Quantum computers are exponentially more powerful than its classical counterpart, it outperforms the most advanced type of modern digital computers, especially when it comes to random number generation in cryptography. Quantum computers work on quantum bits (qubits) which are different from the classical bits, while, classical bits hold values of either a 0 or a 1, qubits, on the other hand, can be in a superposition of 0 and 1 at the same instance of time. However, the development of quantum computers is both a boon and bane for modern technologies. No wonder in the fact that quantum computers have become the new front for both the business and government sectors. But, as mentioned earlier quantum computers are both an opportunity and a threat, the biggest threat being the fact that quantum computers do threaten encryption. Which is by far one of the most sensitive parts of digital security as it provides privacy to our data, starting from banks to healthcare.

Quantum Computing – Boon or Bane For Modern Technologies?
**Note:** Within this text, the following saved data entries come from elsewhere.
Theorem lemmaA8
  (L2 L3 L4 cc : CC) (hL4 : L4 != 0)
  (V : lmodType CC) (L : int -> {linear V -> V}) (J : V)
  (hvir : virasoro_rel (fun n => L n : V -> V) cc)
  (hwh : whittaker2 (fun n => L n : V -> V) J L2 L3 L4)
  (hbasis : vlam_basis (fun n => L n : V -> V) J)
  (delta : nat) (hdelta : delta = 1%N \/ (delta = 2%N /\ L3 = 0)) :
  (forall (lam : seq nat) (j : nat), is_partition lam -> (1 <= j)%N ->
     Ltil (fun n => L n : V -> V) L3 L4 (2 + j) (vlam (fun n => L n : V -> V) J lam) != 0 ->
     deg_le (fun n => L n : V -> V) J delta
       (Ltil (fun n => L n : V -> V) L3 L4 (2 + j) (vlam (fun n => L n : V -> V) J lam))
       (degp delta lam - partdeg delta j))
  /\
  (forall lam mu : seq nat, is_partition lam -> is_partition mu ->
     degp delta lam < degp delta mu ->
     Ltilmu (fun n => L n : V -> V) L3 L4 mu (vlam (fun n => L n : V -> V) J lam) = 0).
Proof.
have delta12 : (1 <= delta <= 2)%N by case: hdelta => [|[]] ->.
have hL3 : delta = 1%N \/ L3 = 0 by case: hdelta => [|[]]; [left | right].
split=> [lam j hlam hj _ | lam mu hlam /andP[_ hmu] hlt].
  apply/(deg_le_of_deg_span hbasis.2)/(Ltil_deg_span hvir delta12 hwh hL3 hj).
  exact: deg_span_vlam.
apply: (deg_span_lt0 (d := degp delta lam - degp delta mu)); first by rewrite subr_lt0.
exact/(Ltilmu_deg_span hvir delta12 hwh hL3 hmu)/deg_span_vlam.
Qed.
Lemma list_of_nat_surj (L : list nat) : exists k, list_of_nat k = L.
Proof.
  assert (exists len code, list_of_code len code = L) as [len [code H]].
  { induction L as [|a L [len [code IH]]]; [exists O, O; auto|].
    exists (S len), (Cantor.to_nat (a, code)).
    change (list_of_code (S len) (Cantor.to_nat (a, code))) with
      (cons (fst (Cantor.of_nat (Cantor.to_nat (a, code))))
            (list_of_code len (snd (Cantor.of_nat (Cantor.to_nat (a, code)))))).
    rewrite Cantor.cancel_of_to. simpl. rewrite IH. auto. }
  exists (Cantor.to_nat (len, code)). unfold list_of_nat. rewrite Cantor.cancel_of_to. auto.
Qed.

Definition profile (del t : R) : R := Rmin 1 (Rmax 0 (2 - 2 * t / del)).

Lemma profile_01 del t : 0 <= profile del t <= 1.
Proof. unfold profile, Rmin, Rmax. repeat destruct Rle_dec; lra. Qed.

Lemma profile_one del t : 0 < del -> t <= del / 2 -> profile del t = 1.
Proof.
  intros H1 H2. unfold profile. assert (1 <= 2 - 2 * t / del).
  { apply Rmult_le_reg_r with del; auto.
    replace ((2 - 2 * t / del) * del) with (2 * del - 2 * t) by (field; lra). lra. }
  unfold Rmin, Rmax. repeat destruct Rle_dec; lra.
Qed.

Lemma profile_zero del t : 0 < del -> del <= t -> profile del t = 0.
Proof.
  intros H1 H2. unfold profile. assert (2 - 2 * t / del <= 0).
  { apply Rmult_le_reg_r with del; auto.
    replace ((2 - 2 * t / del) * del) with (2 * del - 2 * t) by (field; lra). lra. }
  unfold Rmin, Rmax. repeat destruct Rle_dec; lra.
Qed.
(* In the matrix-unit bases the endomorphisms of [B] and [B'] are the same
   block-scalar matrices, by Schur's lemma. *)
Lemma basis_change_end (phi : forall i, 'M[C]_(al i)) : is_hom B B phi ->
  is_hom B' B' (fun i => basis_change iota' pi i *m phi i *m basis_change iota pi' i).
Proof.
move=> Hphi; apply: (hom_eq (f := fun i => \sum_s \sum_(c : 'I_(k s)) \sum_(c' : 'I_(k s))
    iota' s c i *m (pi s c i *m phi i *m iota s c' i) *m pi' s c' i)).
  move=> i; have sum_conj (J : finType) (F : J -> 'M[C]_(al i)) (P Q : 'M[C]_(al i)) :
      P *m (\sum_j F j) *m Q = \sum_j P *m F j *m Q by rewrite mulmx_sumr mulmx_suml.
  rewrite [in RHS](end_expand D i Hphi) sum_conj; apply: eq_bigr => s _.
  rewrite sum_conj; apply: eq_bigr => c _; rewrite sum_conj; apply: eq_bigr => c' _.
  by rewrite !mulmxA basis_change_iota -!mulmxA pi_basis_change.
apply: hom_sum => s; apply: hom_sum => c; apply: hom_sum => c'.
have [a Ha] := end_block_scalar D c' c Hphi.
apply: hom_eq (hom_comp (hom_comp (pi_hom D' c') (hom_scalar (M' s) a)) (iota_hom D' c)) => i.
by rewrite /= Ha mulmxA.
Qed.

End BasisChange.

Lemma stab_hom (al : I -> nat) (B : rep al) (x : forall i, 'M[C]_(al i)) :
  in_GL x -> (stab B x <-> is_hom B B x).
Proof.
move=> GLx; split => [[_ Hx] a | Hx]; last first.
  by split => // a; have [e1 e2] := Hx a; rewrite e1 e2 !mulmxK.
by have [e1 e2] := Hx a; split; [rewrite -[in RHS]e1 | rewrite -[in RHS]e2]; rewrite mulmxKV.
Qed.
The standard encryption algorithms that are used in this modern technological era will soon be compromised by quantum computers. It has been surmised that a quantum computer with 4,000 qubits will be able to easily compromise encryption algorithms which are considered to be extremely strong. And, it is been approximated that by 2023 quantum computers with such power will be available, and within a blink of an eye existing cryptography algorithms will no longer be able to secure our data.
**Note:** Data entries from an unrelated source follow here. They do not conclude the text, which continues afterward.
(* Polynomial identities once [N_i N_j] is rewritten as [nS_i nS_j / gdet]. *)
Lemma frame_decomp (w : nat -> field) i s1 s2 t : (i < 3)%nat -> U s1 s2 t ->
  w i s1 s2 t = dot3 (Sup X 0) w s1 s2 t * Sv X 0 i s1 s2 t + dot3 (Sup X 1) w s1 s2 t * Sv X 1 i s1 s2 t
                + dot3 (Nrm X) w s1 s2 t * Nrm X i s1 s2 t.
Proof.
  intros Hi Hp. unfold dot3 at 3. rewrite !Rmult_plus_distr_r, !(Rmult_comm (Nrm X _ _ _ _)), !Rmult_assoc.
  rewrite !Nrm_mul_Nrm by assumption.
  pose proof (gdet_neq0 _ _ _ Hp) as H. unfold gdet, gcov, dot3 in H.
  destruct i as [|[|[|i]]]; try lia;
    unfold Sup, sum2, gcon, gdet, gcov, dot3, cross; simpl; field; exact H.
Qed.

Lemma dual_frame_decomp (w : nat -> field) i s1 s2 t : (i < 3)%nat -> U s1 s2 t ->
  w i s1 s2 t = dot3 (Sv X 0) w s1 s2 t * Sup X 0 i s1 s2 t + dot3 (Sv X 1) w s1 s2 t * Sup X 1 i s1 s2 t
                + dot3 (Nrm X) w s1 s2 t * Nrm X i s1 s2 t.
Proof.
  intros Hi Hp. unfold dot3 at 3. rewrite !Rmult_plus_distr_r, !(Rmult_comm (Nrm X _ _ _ _)), !Rmult_assoc.
  rewrite !Nrm_mul_Nrm by assumption.
  pose proof (gdet_neq0 _ _ _ Hp) as H. unfold gdet, gcov, dot3 in H.
  destruct i as [|[|[|i]]]; try lia;
    unfold Sup, sum2, gcon, gdet, gcov, dot3, cross; simpl; field; exact H.
Qed.

Lemma pd_dot3_const u v r k s1 s2 t : U s1 s2 t ->
  (forall a b c, U a b c -> dot3 u v a b c = r) ->
  (forall i, (i < 3)%nat -> ex_pd k (u i) s1 s2 t) -> (forall i, (i < 3)%nat -> ex_pd k (v i) s1 s2 t) ->
  dot3 (fun i => pd k (u i)) v s1 s2 t + dot3 u (fun i => pd k (v i)) s1 s2 t = 0.
Proof. intros Hp Hc Hu Hv. rewrite <- pd_dot3 by assumption. exact (pd_const_on U k _ r _ _ _ HU Hp Hc). Qed.

(* [B_kd] extended to the time index [k = 2]. *)
Definition Bx (k d : nat) : field := dot3 (Nrm X) (fun i => pd k (Sv X d i)).

Lemma Sv_dot_pd_Nrm d k s1 s2 t : (d < 2)%nat -> U s1 s2 t ->
  dot3 (Sv X d) (fun i => pd k (Nrm X i)) s1 s2 t = - Bx k d s1 s2 t.
Proof.
  intros Hd Hp.
  pose proof (pd_dot3_const (Nrm X) (Sv X d) 0 k s1 s2 t Hp (fun a b c => Nrm_dot_Sv d a b c Hd)
    (fun i _ => ex_pd_Nrm i k s1 s2 t Hp) (fun i Hi => ex_pd_Sv d i k s1 s2 t Hi Hp)) as H.
  unfold Bx, dot3 in *. lra.
Qed.

Lemma Nrm_dot_pd_Nrm k s1 s2 t : U s1 s2 t -> dot3 (Nrm X) (fun i => pd k (Nrm X i)) s1 s2 t = 0.
Proof.
  intros Hp.
  pose proof (pd_dot3_const (Nrm X) (Nrm X) 1 k s1 s2 t Hp (fun a b c => Nrm_dot_Nrm a b c)
    (fun i _ => ex_pd_Nrm i k s1 s2 t Hp) (fun i _ => ex_pd_Nrm i k s1 s2 t Hp)) as H.
  unfold dot3 in *. lra.
Qed.

Lemma Sv_dot_pd_Sup b d k s1 s2 t : (b < 2)%nat -> (d < 2)%nat -> U s1 s2 t ->
  dot3 (Sv X d) (fun i => pd k (Sup X b i)) s1 s2 t = - Gam X b k d s1 s2 t.
Proof.
  intros Hb Hd Hp.
  pose proof (pd_dot3_const (Sup X b) (Sv X d) _ k s1 s2 t Hp (fun a b' c => Sup_dot_Sv b d a b' c Hb Hd)
    (fun i Hi => ex_pd_Sup b i k s1 s2 t Hb Hi Hp) (fun i Hi => ex_pd_Sv d i k s1 s2 t Hi Hp)) as H.
  unfold Gam, dot3 in *. lra.
Qed.

Lemma Nrm_dot_pd_Sup b k s1 s2 t : (b < 2)%nat -> U s1 s2 t ->
  dot3 (Nrm X) (fun i => pd k (Sup X b i)) s1 s2 t
  = gcon X b 0 s1 s2 t * Bx k 0 s1 s2 t + gcon X b 1 s1 s2 t * Bx k 1 s1 s2 t.
Proof.
  intros Hb Hp.
  pose proof (pd_dot3_const (Sup X b) (Nrm X) 0 k s1 s2 t Hp (fun a b' c => Sup_dot_Nrm b a b' c Hb)
    (fun i Hi => ex_pd_Sup b i k s1 s2 t Hb Hi Hp) (fun i _ => ex_pd_Nrm i k s1 s2 t Hp)) as H.
  transitivity (- (gcon X b 0 s1 s2 t * dot3 (Sv X 0) (fun i => pd k (Nrm X i)) s1 s2 t
                   + gcon X b 1 s1 s2 t * dot3 (Sv X 1) (fun i => pd k (Nrm X i)) s1 s2 t)).
  - unfold Sup, sum2, dot3 in *. lra.
  - rewrite !Sv_dot_pd_Nrm by (auto; lia). ring.
Qed.


Lemma pd_Sup b i k s1 s2 t : (b < 2)%nat -> (i < 3)%nat -> U s1 s2 t ->
  pd k (Sup X b i) s1 s2 t =
   - (Gam X b k 0 s1 s2 t * Sup X 0 i s1 s2 t + Gam X b k 1 s1 s2 t * Sup X 1 i s1 s2 t)
   + (gcon X b 0 s1 s2 t * Bx k 0 s1 s2 t + gcon X b 1 s1 s2 t * Bx k 1 s1 s2 t) * Nrm X i s1 s2 t.
Proof.
  intros Hb Hi Hp. rewrite (dual_frame_decomp (fun j => pd k (Sup X b j))) by assumption.
  rewrite !Sv_dot_pd_Sup, Nrm_dot_pd_Sup by (auto; lia). ring.
Qed.

Lemma pd_Nrm i k s1 s2 t : (i < 3)%nat -> U s1 s2 t ->
  pd k (Nrm X i) s1 s2 t = - (Bx k 0 s1 s2 t * Sup X 0 i s1 s2 t + Bx k 1 s1 s2 t * Sup X 1 i s1 s2 t).
Proof.
  intros Hi Hp. rewrite (dual_frame_decomp (fun j => pd k (Nrm X j))) by assumption.
  rewrite !Sv_dot_pd_Nrm, Nrm_dot_pd_Nrm by (auto; lia). ring.
Qed.

Lemma covS_eq a c i s1 s2 t : (i < 3)%nat -> U s1 s2 t -> covS X a c i s1 s2 t = Bx a c s1 s2 t * Nrm X i s1 s2 t.
Proof.
  intros Hi Hp. unfold covS. rewrite (frame_decomp (fun j => pd a (Sv X c j))) by assumption.
  unfold sum2, Gam, Bx. ring.
Qed.

Lemma Bcov_eq a c s1 s2 t : U s1 s2 t -> Bcov X a c s1 s2 t = Bx a c s1 s2 t.
Proof.
  intros Hp. transitivity (Bx a c s1 s2 t * dot3 (Nrm X) (Nrm X) s1 s2 t).
  - unfold Bcov, dot3. rewrite !covS_eq by (auto; lia). ring.
  - rewrite Nrm_dot_Nrm by assumption. ring.
Qed.

Lemma pd_Sv_comm a c i s1 s2 t : (a < 3)%nat -> (c < 3)%nat -> (i < 3)%nat -> U s1 s2 t ->
  pd a (Sv X c i) s1 s2 t = pd c (Sv X a i) s1 s2 t.
Proof. intros. unfold Sv. apply (pd_comm U); auto. Qed.

Lemma pd_Vel c i s1 s2 t : (c < 3)%nat -> (i < 3)%nat -> U s1 s2 t ->
  pd c (Vel X i) s1 s2 t = pd 2 (Sv X c i) s1 s2 t.
Proof. intros. unfold Vel, Sv. apply (pd_comm U); auto. Qed.

Lemma Gam_sym b a c s1 s2 t : (a < 3)%nat -> (c < 3)%nat -> U s1 s2 t ->
  Gam X b a c s1 s2 t = Gam X b c a s1 s2 t.
Proof. intros. unfold Gam, dot3. rewrite !(pd_Sv_comm a c) by (auto; lia). reflexivity. Qed.

Lemma Bx_sym a c s1 s2 t : (a < 3)%nat -> (c < 3)%nat -> U s1 s2 t ->
  Bx a c s1 s2 t = Bx c a s1 s2 t.
Proof. intros. unfold Bx, dot3. rewrite !(pd_Sv_comm a c) by (auto; lia). reflexivity. Qed.

Definition tan3 (b k a c : nat) : field := dot3 (Sup X b) (fun i => pd k (pd a (Sv X c i))).
Definition nrm3 (k a c : nat) : field := dot3 (Nrm X) (fun i => pd k (pd a (Sv X c i))).

Lemma pd_pd_Sv_comm k a c i s1 s2 t : (k < 3)%nat -> (a < 3)%nat -> (i < 3)%nat -> U s1 s2 t ->
  pd k (pd a (Sv X c i)) s1 s2 t = pd a (pd k (Sv X c i)) s1 s2 t.
Proof. intros. apply (pd_comm U); auto. apply smooth_on_pd, HX. assumption. Qed.

Lemma tan3_sym b k a c s1 s2 t : (k < 3)%nat -> (a < 3)%nat -> U s1 s2 t ->
  tan3 b k a c s1 s2 t = tan3 b a k c s1 s2 t.
Proof. intros. unfold tan3, dot3. rewrite !(pd_pd_Sv_comm k a) by (auto; lia). reflexivity. Qed.

Lemma nrm3_sym12 k a c s1 s2 t : (k < 3)%nat -> (a < 3)%nat -> U s1 s2 t ->
  nrm3 k a c s1 s2 t = nrm3 a k c s1 s2 t.
Proof. intros. unfold nrm3, dot3. rewrite !(pd_pd_Sv_comm k a) by (auto; lia). reflexivity. Qed.

Lemma nrm3_sym23 k a c s1 s2 t : (a < 3)%nat -> (c < 3)%nat -> U s1 s2 t ->
  nrm3 k a c s1 s2 t = nrm3 k c a s1 s2 t.
Proof.
  intros. unfold nrm3, dot3.
  rewrite !(pd_ext_on U k (pd a (Sv X c _)) (pd c (Sv X a _))) by (auto; intros; apply pd_Sv_comm; auto; lia).
  reflexivity.
Qed.

Lemma ex_pd_Gam b a c k s1 s2 t : (b < 2)%nat -> U s1 s2 t -> ex_pd k (Gam X b a c) s1 s2 t.
Proof. intros. apply ex_pd_dot3; intros; [apply ex_pd_Sup|apply ex_pd_pd_Sv]; auto. Qed.

Lemma ex_pd_Vup b k s1 s2 t : (b < 2)%nat -> U s1 s2 t -> ex_pd k (Vup X b) s1 s2 t.
Proof. intros. apply ex_pd_dot3; intros; [apply ex_pd_Vel|apply ex_pd_Sup]; auto. Qed.

Lemma ex_pd_Cn k s1 s2 t : U s1 s2 t -> ex_pd k (Cn X) s1 s2 t.
Proof. intros. apply ex_pd_dot3; intros; [apply ex_pd_Vel|apply ex_pd_Nrm]; auto. Qed.

Lemma ex_pd_covS a c i k s1 s2 t : (i < 3)%nat -> U s1 s2 t -> ex_pd k (covS X a c i) s1 s2 t.
Proof.
  intros. apply ex_pd_minus; [apply ex_pd_pd_Sv; auto|].
  apply ex_pd_sum2; apply ex_pd_mult; (apply ex_pd_Gam || apply ex_pd_Sv); auto.
Qed.

Lemma ex_pd_Bcov a c k s1 s2 t : U s1 s2 t -> ex_pd k (Bcov X a c) s1 s2 t.
Proof. intros. apply ex_pd_dot3; intros; [apply ex_pd_Nrm|apply ex_pd_covS]; auto. Qed.

Lemma ex_pd_Bmix b a k s1 s2 t : (b < 2)%nat -> U s1 s2 t -> ex_pd k (Bmix X b a) s1 s2 t.
Proof.
  intros. apply ex_pd_sum2; apply ex_pd_mult; (apply ex_pd_gcon || apply ex_pd_Bcov); auto; lia.
Qed.

Lemma pd_Gam b k a c s1 s2 t : (b < 2)%nat -> U s1 s2 t ->
  pd k (Gam X b a c) s1 s2 t =
   - (Gam X b k 0 s1 s2 t * Gam X 0 a c s1 s2 t + Gam X b k 1 s1 s2 t * Gam X 1 a c s1 s2 t)
   + (gcon X b 0 s1 s2 t * Bx k 0 s1 s2 t + gcon X b 1 s1 s2 t * Bx k 1 s1 s2 t) * Bx a c s1 s2 t
   + tan3 b k a c s1 s2 t.
Proof.
  intros Hb Hp. unfold Gam at 1.
  rewrite pd_dot3 by (intros; (apply ex_pd_Sup || apply ex_pd_pd_Sv); auto).
  unfold dot3 at 1. rewrite !pd_Sup by (auto; lia). unfold Gam, Bx, tan3, dot3. ring.
Qed.

Lemma Gdot_eq b c s1 s2 t : (b < 2)%nat -> (c < 2)%nat -> U s1 s2 t ->
  Gdot X b c s1 s2 t = Gam X b 2 c s1 s2 t.
Proof.
  intros Hb Hc Hp. unfold Gdot, nab_v. unfold Vup at 1.
  rewrite pd_dot3 by (intros; (apply ex_pd_Vel || apply ex_pd_Sup); auto).
  unfold dot3. rewrite !pd_Sup, !pd_Vel by (auto; lia).
  unfold Bmix, sum2. rewrite !Bcov_eq, (Bx_sym 0 c), (Bx_sym 1 c) by (auto; lia).
  unfold Cn, Vup, Gam, Bx, dot3. ring.
Qed.

Lemma pd_Cn d s1 s2 t : (d < 3)%nat -> U s1 s2 t ->
  pd d (Cn X) s1 s2 t
  = Bx 2 d s1 s2 t - (Bx d 0 s1 s2 t * Vup X 0 s1 s2 t + Bx d 1 s1 s2 t * Vup X 1 s1 s2 t).
Proof.
  intros Hd Hp. unfold Cn at 1.
  rewrite pd_dot3 by (intros; (apply ex_pd_Vel || apply ex_pd_Nrm); auto).
  unfold dot3. rewrite !pd_Nrm, !pd_Vel by (auto; lia).
  unfold Vup, Bx, dot3. ring.
Qed.

Lemma pd_covS d a c i s1 s2 t : (i < 3)%nat -> U s1 s2 t ->
  pd d (covS X a c i) s1 s2 t = pd d (pd a (Sv X c i)) s1 s2 t
    - ((pd d (Gam X 0 a c) s1 s2 t * Sv X 0 i s1 s2 t + Gam X 0 a c s1 s2 t * pd d (Sv X 0 i) s1 s2 t)
     + (pd d (Gam X 1 a c) s1 s2 t * Sv X 1 i s1 s2 t + Gam X 1 a c s1 s2 t * pd d (Sv X 1 i) s1 s2 t)).
Proof.
  intros Hi Hp.
  assert (HGS : forall w, (w < 2)%nat ->
    ex_pd d (fun s1 s2 t => Gam X w a c s1 s2 t * Sv X w i s1 s2 t) s1 s2 t)
    by (intros; apply ex_pd_mult; (apply ex_pd_Gam || apply ex_pd_Sv); auto).
  unfold covS. rewrite pd_minus, pd_sum2 by (try apply ex_pd_sum2; auto using ex_pd_pd_Sv).
  rewrite !pd_mult by ((apply ex_pd_Gam || apply ex_pd_Sv); auto; lia). reflexivity.
Qed.

(* [nabla_a S_c] is normal and [N . N] is constant, so differentiating [N] contributes nothing. *)
Lemma pd_Bcov d a c s1 s2 t : U s1 s2 t ->
  pd d (Bcov X a c) s1 s2 t
  = nrm3 d a c s1 s2 t - (Gam X 0 a c s1 s2 t * Bx d 0 s1 s2 t + Gam X 1 a c s1 s2 t * Bx d 1 s1 s2 t).
Proof.
  intros Hp. unfold Bcov at 1.
  rewrite pd_dot3 by (intros; (apply ex_pd_Nrm || apply ex_pd_covS); auto).
  transitivity (Bx a c s1 s2 t * dot3 (Nrm X) (fun i => pd d (Nrm X i)) s1 s2 t + nrm3 d a c s1 s2 t
    - (pd d (Gam X 0 a c) s1 s2 t * dot3 (Nrm X) (Sv X 0) s1 s2 t + Gam X 0 a c s1 s2 t * Bx d 0 s1 s2 t
     + pd d (Gam X 1 a c) s1 s2 t * dot3 (Nrm X) (Sv X 1) s1 s2 t + Gam X 1 a c s1 s2 t * Bx d 1 s1 s2 t)).
  - unfold dot3. rewrite !covS_eq, !pd_covS by (auto; lia). unfold nrm3, Bx, dot3. ring.
  - rewrite Nrm_dot_pd_Nrm, !Nrm_dot_Sv by (auto; lia). ring.
Qed.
Let’s dive in further to see how quantum random number generation works and how quantum computers compromise strong classical encryption algorithms like RSA. RSA, being the standard cryptographic algorithm used on the internet, is a method that is an open secret but, is very hard to crack as it uses two keys for encryption. The public key is open and the client uses that key to encrypt a random session key, the person who intercepts the encrypted key must use the second key which is the private key in order to decrypt it. But, once the session key gets decrypted, the server uses that key to encrypt and decrypt further data with some other faster algorithm. So, in order to have secure communication, the private key must be kept safe.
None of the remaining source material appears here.